Description: An ordinal which is a singleton is { (/) }. (Contributed by Jim Kingdon, 19-Oct-2021.)

Assertion

Ref	Expression
snon0	|- ( ( A e. V /\ { A } e. On ) -> A = (/) )

Proof of Theorem snon0

Dummy variable x is distinct from all other variables.

Step	Hyp	Ref	Expression
1		elirr 4539	. . 3 |- -. A e. A
2		snidg 3621	. . . . . . 7 |- ( A e. V -> A e. { A } )
3	2	adantr 276	. . . . . 6 |- ( ( A e. V /\ { A } e. On ) -> A e. { A } )
4		ontr1 4388	. . . . . . 7 |- ( { A } e. On -> ( ( x e. A /\ A e. { A } ) -> x e. { A } ) )
5	4	adantl 277	. . . . . 6 |- ( ( A e.
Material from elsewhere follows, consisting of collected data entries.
From HB Require Import structures.
From mathcomp Require Import all_boot all_order all_algebra.
From mathcomp Require Import all_classical all_reals all_analysis.
From mathcomp Require Import ring lra.
Import Order.TTheory GRing.Theory Num.Theory.
Import numFieldNormedType.Exports.
Local Open Scope classical_set_scope.
Local Open Scope ring_scope.

(* Only one property of the upper image P is used: it is
   closed, so that its recession cone K = P_oo is a closed convex cone.
   The result is then a statement about an arbitrary closed convex cone K
   (outer_approx_of_dual_inner):
   - K is contained in cone Y: from cone Z <= K^+ we get
     K <= (cone Z)^+ = cone Y;
   - every b in cone Y of norm <= 1 decomposes, by projection onto K, as
     b = p + r with p in K, <r, p> = 0 and -r in K^+; the unit vector
     u = -r/|r| lies in K^+, so it is delta-close to some z in cone Z, and
     since <z, b> >= 0 while <u, b> = -|r| we get |r| <= |z - u| <= delta
     (up to an arbitrary epsilon).  As |p| <= |b| <= 1, p is a point of
     K /\ B(0,1) within delta of b. *)

Section InnerProduct.
Context {R : realType} {q : nat}.
Implicit Types (u v w : 'rV[R]_q).

Lemma edotC u v : edot u v = edot v u.
Proof. by apply: eq_bigr => i _; rewrite mulrC. Qed.

Lemma edotDl u v w : edot (u + v) w = edot u w + edot v w.
Proof. by rewrite /edot -big_split; apply: eq_bigr => i _; rewrite !mxE mulrDl. Qed.

Lemma edotZl (a : R) u w : edot (a *: u) w = a * edot u w.
Proof. by rewrite /edot mulr_sumr; apply: eq_bigr => i _; rewrite !mxE mulrA. Qed.

Lemma edotNl u w : edot (- u) w = - edot u w.
Proof. by rewrite -scaleN1r edotZl mulN1r. Qed.

Lemma edotBl u v w : edot (u - v) w = edot u w - edot v w.
Proof. by rewrite edotDl edotNl. Qed.

Lemma edotDr u v w : edot w (u + v) = edot w u + edot w v.
Proof. by rewrite edotC edotDl !(edotC w). Qed.

Lemma edotZr (a : R) u w : edot w (a *: u) = a * edot w u.
Proof. by rewrite edotC edotZl edotC. Qed.

Lemma edotNr u w : edot w (- u) = - edot w u.
Proof. by rewrite edotC edotNl edotC. Qed.

Lemma edotBr u v w : edot w (u - v) = edot w u - edot w v.
Proof. by rewrite edotDr edotNr. Qed.

Lemma edot0l w : edot 0 w = 0.
Proof. by rewrite /edot big1 // => i _; rewrite mxE mul0r. Qed.

Lemma edot_ge0 u : 0 <= edot u u.
Proof. by apply: sumr_ge0 => i _; rewrite -expr2 sqr_ge0. Qed.

Lemma edot_gt0 u : u != 0 -> 0 < edot u u.
Proof.
move=> u0; rewrite lt_def edot_ge0 andbT; apply: contraNneq u0 => uu0.
apply/eqP/rowP => i; rewrite mxE.
have /eqP := @psumr_eq0P R _ xpredT (fun i => u 0 i * u 0 i)
  (fun i _ => ltac:(by rewrite /= -expr2 sqr_ge0)) uu0 i isT.
by rewrite mulf_eq0 orbb => /eqP.
Qed.

Lemma coord_le_edot u i : (u 0 i) ^+ 2 <= edot u u.
Proof.
rewrite /edot (bigD1 i) //= -expr2 lerDl.
by apply: sumr_ge0 => j _; rewrite -expr2 sqr_ge0.
Qed.

Lemma enorm_sqr u : enorm u ^+ 2 = edot u u.
Proof. by rewrite sqr_sqrtr // edot_ge0. Qed.

Lemma enorm_le1 u : (enorm u <= 1) = (edot u u <= 1).
Proof. by rewrite /enorm -{1}sqrtr1 ler_sqrt. Qed.

Lemma enorm0 : enorm (0 : 'rV[R]_q) = 0.
Proof. by rewrite /enorm edot0l sqrtr0. Qed.

Lemma enormB u v : enorm (u - v) = enorm (v - u).
Proof. by rewrite /enorm -opprB edotNl edotNr opprK. Qed.

Lemma edot_le_enorm v b : edot b b <= 1 -> edot v b <= enorm v.
Proof.
move=> hb; have [->|v0] := eqVneq v 0; first by rewrite edot0l sqrtr_ge0.
have n0 : 0 < enorm v by rewrite sqrtr_gt0 edot_gt0.
have := edot_ge0 (v - enorm v *: b).
rewrite !edotBl !edotBr !edotZl !edotZr (edotC b v) -enorm_sqr; nra.
Qed.

Lemma edot_sub_sqr u v (t : R) :
  edot (u - t *: v) (u - t *: v) = edot u u - 2 * t * edot u v + t ^+ 2 * edot v v.
Proof. rewrite !edotBl !edotBr !edotZl !edotZr (edotC v u); ring. Qed.

Lemma edot_add_sqr u v (t : R) :
  edot (u + t *: v) (u + t *: v) = edot u u + 2 * t * edot u v + t ^+ 2 * edot v v.
Proof. rewrite !edotDl !edotDr !edotZl !edotZr (edotC v u); ring. Qed.

Lemma edot_pythagoras u v : edot u v = 0 -> edot (u + v) (u + v) = edot u u + edot v v.
Proof. by move=> uv; rewrite edotDl !edotDr (edotC v u) uv; ring. Qed.

Lemma sqr_dist_continuous y : continuous (fun a : 'rV[R]_q => edot (y - a) (y - a)).
Proof.
have -> : (fun a : 'rV[R]_q => edot (y - a) (y - a)) =
   \sum_(i < q) (fun a : 'rV[R]_q => (y 0 i - a 0 i) * (y 0 i - a 0 i)).
  by rewrite fct_sumE; apply: funext => a; apply: eq_bigr => i _; rewrite !mxE.
elim/big_ind: _ => [|f g cf cg x|i _ x]; first exact: cst_continuous.
  exact: continuousD (cf x) (cg x).
have hc : {for x, continuous (fun a : 'rV[R]_q => y 0 i - a 0 i)}.
  apply: (@continuousB _ _ _ (fun=> y 0 i) (fun a : 'rV[R]_q => a 0 i)).
    exact: cst_continuous.
  exact: coord_continuous.
exact: (continuousM hc hc).
Qed.

End InnerProduct.

Section ConeProjection.
Context {R : realType} {q : nat}.

Lemma ge0_of_small_param {a b : R} : 0 <= b ->
  (forall t, 0 < t -> t <= 1 -> 0 <= t * a + t ^+ 2 * b) -> 0 <= a.
Proof.
move=> b0 H; rewrite leNgt; apply/negP => a0.
have c0 : 0 < b - a by lra.
pose t := - a / (b - a).
have tc : t * (b - a) = - a by rewrite /t mulfVK // gt_eqF.
have t0 : 0 < t by rewrite /t divr_gt0 // oppr_gt0.
have t1 : t <= 1 by rewrite /t ler_pdivrMr // mul1r; lra.
have e : t * a + t ^+ 2 * b = t ^+ 2 * a.
  by have := congr1 (fun x => t * x) tc; rewrite expr2 /=; nra.
have t20 : 0 < t ^+ 2 by rewrite exprn_gt0.
by have := H t t0 t1; rewrite e; nra.
Qed.

Lemma sublevel_dist_bounded (y : 'rV[R]_q) :
  bounded_set [set a : 'rV[R]_q | edot (y - a) (y - a) <= edot y y].
Proof.
have S0 := edot_ge0 y.
exists (2 + 2 * edot y y); split; first by rewrite num_real.
move=> M hM a /= ga; rewrite [leLHS]/Num.norm /= mx_normrE.
apply/bigmax_leP; split => [|[i j] _ /=]; first lra.
rewrite (ord1 i); have h1 := coord_le_edot (y - a) j; rewrite !mxE in h1.
have h2 := coord_le_edot y j.
set c := y 0 j in h1 h2 *; set x := a 0 j in h1 *.
have k1 : 2 * (c - x) <= 1 + (c - x) ^+ 2 by have := sqr_ge0 (c - x - 1); nra.
have k2 : 2 * (x - c) <= 1 + (c - x) ^+ 2 by have := sqr_ge0 (c - x + 1); nra.
have k3 : 2 * c <= 1 + c ^+ 2 by have := sqr_ge0 (c - 1); nra.
have k4 : - 2 * c <= 1 + c ^+ 2 by have := sqr_ge0 (c + 1); nra.
rewrite ler_norml; apply/andP; split; lra.
Qed.

Lemma nearest_point {K : set 'rV[R]_q} (y : 'rV[R]_q) : closed K -> K 0 ->
  exists2 p, K p & forall k, K k -> edot (y - p) (y - p) <= edot (y - k) (y - k).
Proof.
move=> Kcl K0; pose g a := edot (y - a) (y - a).
have g0 : g 0 = edot y y by rewrite /g subr0.
pose A := K `&` [set a | g a <= g 0].
have Acl : closed A.
  apply: closedI => //; apply: (preimage_closed (f := g) (D := [set x | x <= g 0])).
    by move=> x _; exact: sqr_dist_continuous.
  exact: closed_le.
have Abd : bounded_set A.
  have [M [Mreal hM]] := sublevel_dist_bounded y.
  by exists M; split=> // x Mx a [_ ga]; apply: (hM x Mx a); rewrite /= -g0.
have [p] := EVT_min_rV (ex_intro _ 0 (conj K0 (lexx _)))
  (bounded_closed_compact Abd Acl)
  (@continuous_subspaceT _ _ A g (sqr_dist_continuous y)).
rewrite inE => -[Kp _] pmin; exists p => // k Kk.
have [gk|gk] := leP (g k) (g 0); first by apply: pmin; rewrite inE.
by apply: le_trans (ltW gk); apply: pmin; rewrite inE; split => //=.
Qed.

Lemma cone_projection {K : set 'rV[R]_q} (y : 'rV[R]_q) :
  closed K -> is_convex_cone K ->
  exists2 p, K p & (forall k, K k -> edot (y - p) k <= 0) /\ edot (y - p) p = 0.
Proof.
move=> Kcl [K0 [KD KZ]]; have [p Kp pmin] := nearest_point y Kcl K0.
set r := y - p.
have rk : forall k, K k -> edot r k <= 0.
  move=> k Kk.
  suff : 0 <= - (2 * edot r k) by lra.
  apply: (ge0_of_small_param (edot_ge0 k)) => t t0 t1.
  have := pmin _ (KD _ _ Kp (KZ _ _ (ltW t0) Kk)).
  rewrite (_ : y - (p + t *: k) = r - t *: k) ?edot_sub_sqr; last first.
    by rewrite /r opprD addrA.
  nra.
exists p => //; split => //; apply/eqP; rewrite eq_le rk //=.
suff : 0 <= 2 * edot r p by lra.
apply: (ge0_of_small_param (edot_ge0 p)) => t t0 t1.
have := pmin _ (KZ (1 - t) _ ltac:(lra) Kp).
rewrite (_ : y - (1 - t) *: p = r + t *: p) ?edot_add_sqr; last first.
  by rewrite /r scalerBl scale1r opprB addrA addrAC.
nra.
Qed.

End ConeProjection.

Section Hausdorff.
Context {R : realType} {q : nat}.
Implicit Types (A B : set 'rV[R]_q).

Lemma hausdorff_le {A B} {d : R} :
  (forall a, A a -> exists2 b, B b & enorm (a - b) <= d) ->
  (forall b, B b -> exists2 a, A a & enorm (a - b) <= d) ->
  (hausdorff A B <= d%:E)%E.
Proof.
move=> hAB hBA; rewrite /hausdorff ge_max; apply/andP; split;
  apply: ge_ereal_sup => _ [x Sx <-].
- have [y By xy] := hAB x Sx.
  apply: (@le_trans _ _ (enorm (x - y))%:E); last by rewrite lee_fin.
  by apply: ereal_inf_lbound; exists y.
- have [y Ay yx] := hBA x Sx.
  apply: (@le_trans _ _ (enorm (y - x))%:E); last by rewrite lee_fin.
  by apply: ereal_inf_lbound; exists y.
Qed.

Lemma hausdorff_near {A B} {d : R} {a} : (hausdorff A B <= d%:E)%E -> A a ->
  forall e, 0 < e -> exists2 b, B b & enorm (a - b) < d + e.
Proof.
rewrite /hausdorff ge_max => /andP[hAB _] Aa e e0.
have : (ereal_inf [set (enorm (a - b))%:E | b in B] < (d + e)%:E)%E.
  apply: le_lt_trans (le_trans (ereal_sup_ubound _) hAB) _; first by exists a.
  by rewrite lte_fin ltrDl.
by move=> /ereal_inf_lt [_ [b Bb <-]]; rewrite lte_fin; exists b.
Qed.

End Hausdorff.

Section RecessionCone.
Context {R : realType} {q : nat}.

Lemma recession_cone_convex (P : set 'rV[R]_q) : is_convex_cone (recession_cone P).
Proof.
split; first by move=> a Pa lam _; rewrite scaler0 addr0.
split=> [u v Ku Kv a Pa lam l0|l u l0 Ku a Pa lam lam0].
  by rewrite scalerDr addrA; apply: Kv => //; exact: Ku.
by rewrite scalerA; apply: Ku => //; exact: mulr_ge0.
Qed.

(* The recession cone of a closed set is an intersection of closed
   preimages, hence closed. *)
Lemma recession_cone_closed (P : set 'rV[R]_q) : closed P -> closed (recession_cone P).
Proof.
move=> Pcl.
have -> : recession_cone P = \bigcap_(i in [set i : 'rV[R]_q * R | P i.1 /\ 0 <= i.2])
    ((fun d => i.1 + i.2 *: d) @^-1` P).
  apply/seteqP; split => d /= Hd; first by move=> [a lam] /= [Pa l0]; exact: Hd.
  by move=> a Pa lam l0; exact: (Hd (a, lam)).
apply: closed_bigI => -[a lam] _; apply: preimage_closed => // x _.
apply: (@continuousD _ _ _ (fun=> a) (fun d => lam *: d)); first exact: cst_continuous.
by apply: (@continuousZ _ _ _ (fun=> lam) id); [exact: cst_continuous | exact: cvg_id].
Qed.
V /\ { A } e. On ) -> ( ( x e. A /\ A e. { A } ) -> x e. { A } ) )
6	3, 5	mpan2d 428	. . . . 5 |- ( ( A e. V /\ { A } e. On ) -> ( x e. A -> x e. { A } ) )
7		elsni 3610	. . . . 5 |- ( x e. { A } -> x = A )
8	6, 7	syl6 33	. . . 4 |- ( ( A e. V /\ { A } e. On ) -> ( x e. A -> x = A ) )
9		eleq1 2240	. . . . 5 |- ( x = A -> ( x e. A <-> A e. A ) )
10	9	biimpcd 159	. . . 4 |- ( x e. A -> ( x = A -> A e. A ) )
11	8, 10	sylcom 28	. . 3 |- ( ( A e. V /\ { A } e. On ) -> ( x e. A -> A e. A ) )
12	1, 11	mtoi 664	. 2 |- ( ( A e. V /\ { A } e. On ) -> -. x e. A )
13	12	eq0rdv 3467	1 |- ( ( A e. V /\ { A } e. On ) -> A = (/) )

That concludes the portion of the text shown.